Так, например в «Российской газете» был представлен специальный проект, предлагавший разработать стратегии, дающие возможность зарабатывать на продаже национальных брендов, таких как «МГУ», «Большой театр», «Ленинка» и так далее[11]. Эрмитаж, очевидно, занимает одно из ведущих мест в этом ряду национальных символов, которые можно переконвертировать в приносящие доход бренды.
Несмотря на распространенность и интеллектуальную легитимность дискуссии о продаже национальных брендов, все же остается некоторая неловкость в подобной постановке вопроса. В случае Эрмитажа она трансформируется в бесконечный спор о том, что можно и нужно продавать, а что все-таки не должно быть испорчено «порочностью» рынка. Одним из последних поводов к дискуссии стал контракт между Государственным Эрмитажем и компанией «Кока-Кола» о тиражировании картин Ван-Гога, Руссо, Сезанна и Гогена на банках с кока-колой[12]. Цель проекта — привлечение средств на реконструкцию здания Главного штаба для организации музея современного искусства «Эрмитаж 20/21».
К слову сказать, Эрмитаж в последние годы часто нарушает правила поведения признанного мэтра в музейном мире. Так, очередным поводом к бурной дискуссии о маркетинге и коммерческом сотрудничестве стали совместные проекты Эрмитажа с Музеем Гуггенхайма (США), имеющим довольно одиозную репутацию. Приведем отрывок из взятого в ходе исследования интервью:
«Фонд Гуггенхайма внутри музейного сообщества такой парвеню, выскочка, его не уважают, а Эрмитаж один ведет с ним игры. И Гуггенхайм тоже, поскольку для Гуггенхайма это выход в большое музейное пространство, большое музейное сообщество. Потому что играть Гуггенхайму с МОМом, Метрополитен, Лувром не получается, они его не берут в свою компанию, они все королевских кровей. А Эрмитаж берет и, таким образом, оказывается при всей своей могучей подаче хранителя сокровищ слабым звеном в этой системе» (научный сотрудник Эрмитажа, 2007 год).
То есть Эрмитаж оказывается в положении обедневшего дворянина, который вроде бы аристократических кровей, но, находясь на грани выживания, соглашается на культурный адюльтер. Удивительно, что при этом Эрмитаж вкладывает больше в продвижение бренда своих партнеров, чем в укрепление собственного. Таким образом, спор вновь возвращается к исходной дилемме с некоторыми вариациями. Априори утверждается, что статус Эрмитажа предполагает выбор соответствующих маркетинговых стратегий, достойных уникального музея. Вопрос об их экономической эффективности в этом случае становится второстепенным и не таким уж важным, что в конкретной экономической ситуации выглядит как высококультурное лицемерие и снобизм.
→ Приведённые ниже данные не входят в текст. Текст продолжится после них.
(* If there exists a skew Room frame of type $t^u$, then there exists a $[2,2]$-GDC$(6)$ of type $(6t)^u$ with size $6t^2u(u-1)$.
   Context: Let $S$ be a finite set with a partition $\{S_1,\dots,S_n\}$. An $\{S_1,\dots,S_n\}$-Room frame is an $|S|\times|S|$ array $F$ indexed by $S$ such that: (1) every cell is empty or contains an unordered pair of symbols of $S$; (2) the subarrays $S_i\times S_i$ are empty; (3) each symbol $x\notin S_i$ occurs exactly once in row $s$ and exactly once in column $s$ for every $s\in S_i$; (4) the pairs occurring in $F$ are exactly those $\{s,t\}$ with $(s,t)\in (S\times S)\setminus\bigcup_i(S_i\times S_i)$. It has type $t^u$ if there are $u$ parts, each of size $t$. It is skew if whenever cell $(i,j)$ is filled, cell $(j,i)$ is empty. Ternary codes: a ternary code on a finite set $X$ is a subset $\mathcal C\subseteq\mathbb Z_3^X$; Hamming distance between $u,v$ is $|\{x:u_x\neq v_x\}|$; $u$ has composition $[w_1,w_2]$ if exactly $w_1$ coordinates equal $1$ and exactly $w_2$ equal $2$. A $[w_1,w_2]$-GDC$(d)$ is a triple $(X,\mathcal G,\mathcal C)$ where $\mathcal G$ is a partition of $X$ into groups and $\mathcal C\subseteq\mathbb Z_3^X$ is such that every codeword has composition $[w_1,w_2]$, any two distinct codewords have Hamming distance at least $d$, and every codeword has at most one nonzero coordinate in each group. Its type is the multiset of group sizes, written in exponential notation ($g_1^{t_1}\cdots g_s^{t_s}$ means $t_i$ groups of size $g_i$); its size is $|\mathcal C|$. *)

From mathcomp Require Import all_boot.
Set Implicit Arguments. Unset Strict Implicit. Unset Printing Implicit Defensive.

(* Partition {S_1,...,S_n} of a finite set S: a finset partition P of [set: S]
   (blocks nonempty, pairwise disjoint, covering S).  "Same part" is
   pblock P s == pblock P s'. *)
Definition same_part (S : finType) (P : {set {set S}}) (s s' : S) : bool :=
  pblock P s == pblock P s'.

Definition has_type (X : finType) (P : {set {set X}}) (g u : nat) : Prop :=
  #|P| = u /\ forall B, B \in P -> #|B| = g.

(* An array indexed by S x S whose cells are empty (None) or contain a set. *)
Definition room_frame (S : finType) (P : {set {set S}})
    (F : S -> S -> option {set S}) : Prop :=
  [/\
      (forall s t p, F s t = Some p -> #|p| = 2),
      (forall s t, same_part P s t -> F s t = None),
      (* (3) each symbol x not in the part of s occurs exactly once in row s
             and exactly once in column s *)
      (forall s x, ~~ same_part P s x ->
         #|[set c | if F s c is Some p then x \in p else false]| = 1 /\
         #|[set r | if F r s is Some p then x \in p else false]| = 1) &
      (* (4) the pairs occurring in F are exactly the {s,t} with s, t in
             different parts *)
      (forall p, (exists r c, F r c = Some p) <->
         (exists s t, ~~ same_part P s t /\ p = [set s; t]))].

Definition skew (S : finType) (F : S -> S -> option {set S}) : Prop :=
  forall i j, F i j <> None -> F j i = None.

(* Ternary codes: alphabet Z_3 represented by 'I_3 (values 0,1,2). *)
Definition hamming (X : finType) (u v : {ffun X -> 'I_3}) : nat :=
  #|[set x | u x != v x]|.

Definition has_composition (X : finType) (u : {ffun X -> 'I_3}) (w1 w2 : nat)
  : Prop :=
  #|[set x | val (u x) == 1]| = w1 /\ #|[set x | val (u x) == 2]| = w2.

Definition is_GDC (X : finType) (G : {set {set X}}) (C : {set {ffun X -> 'I_3}})
    (w1 w2 d : nat) : Prop :=
  [/\ partition G [set: X],
      (forall c, c \in C -> has_composition c w1 w2),
      (forall c c', c \in C -> c' \in C -> c != c' -> d <= hamming c c') &
      (forall c B, c \in C -> B \in G -> #|[set x in B | val (c x) != 0]| <= 1)].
Вместе с тем очевидно, что Эрмитаж, как и многие другие российские музеи, находится в процессе поиска маркетинговой стратегии, причем эффективной для внешнего и внутреннего использования «музея как бренда»[13]. Один из проблемных моментов связан с ситуацией вокруг здания Главного штаба.
«Проблема, вот, например, с Главным штабом. Его посещаемость в несколько раз меньше, чем у Эрмитажа. При этом эти экспозиционные залы открыты давно, сейчас там идет семь выставок одновременно. Я был там в субботу и встретил три человека. В субботний день. Это катастрофа, на самом деле. При этом эти залы давно открыты, это давно пространство Эрмитажа, а у людей существует какой-то консерватизм. Не знаю почему, но они приходят туда значительно реже» (сотрудник Эрмитажа, 2007 год).
Подобные оценки вызваны столкновением с непривычной для музейщиков проблемой организации эффективной рекламной и коммерческой деятельности. Каким образом музеи могут привлекать посетителей и превращать их в потребителей продукции музейных магазинов, кафе, ресторанов? По результатам исследований Эрмитаж в этом случае выглядит достаточно благополучно среди других крупных российских музеев и уступает только Третьяковской галерее. Однако по сравнению с иностранными коллегами, Британским музеем, Метрополитен и другими крупными музеями, он проигрывает в 5-6 раз[14]. Мы специально не занимались исследованием данного вопроса и можем предложить только гипотезы, пытающиеся объяснить, почему так происходит. На наш взгляд, одна из проблем заключается в том, что Эрмитаж в вопросах оценки потребительских возможностей ориентируется на иностранных посетителей (около 400 тысяч посетителей в год) с соответствующим средневысоким доходом и готовностью тратить деньги в стенах музея. Большая часть музейной продукции, продающейся в музее, достаточно дорогостояща, как, собственно, и услуги кафе, а потому малодоступна для российских граждан, составляющих основную часть общего числа посетителей (2,5 миллиона человек в год).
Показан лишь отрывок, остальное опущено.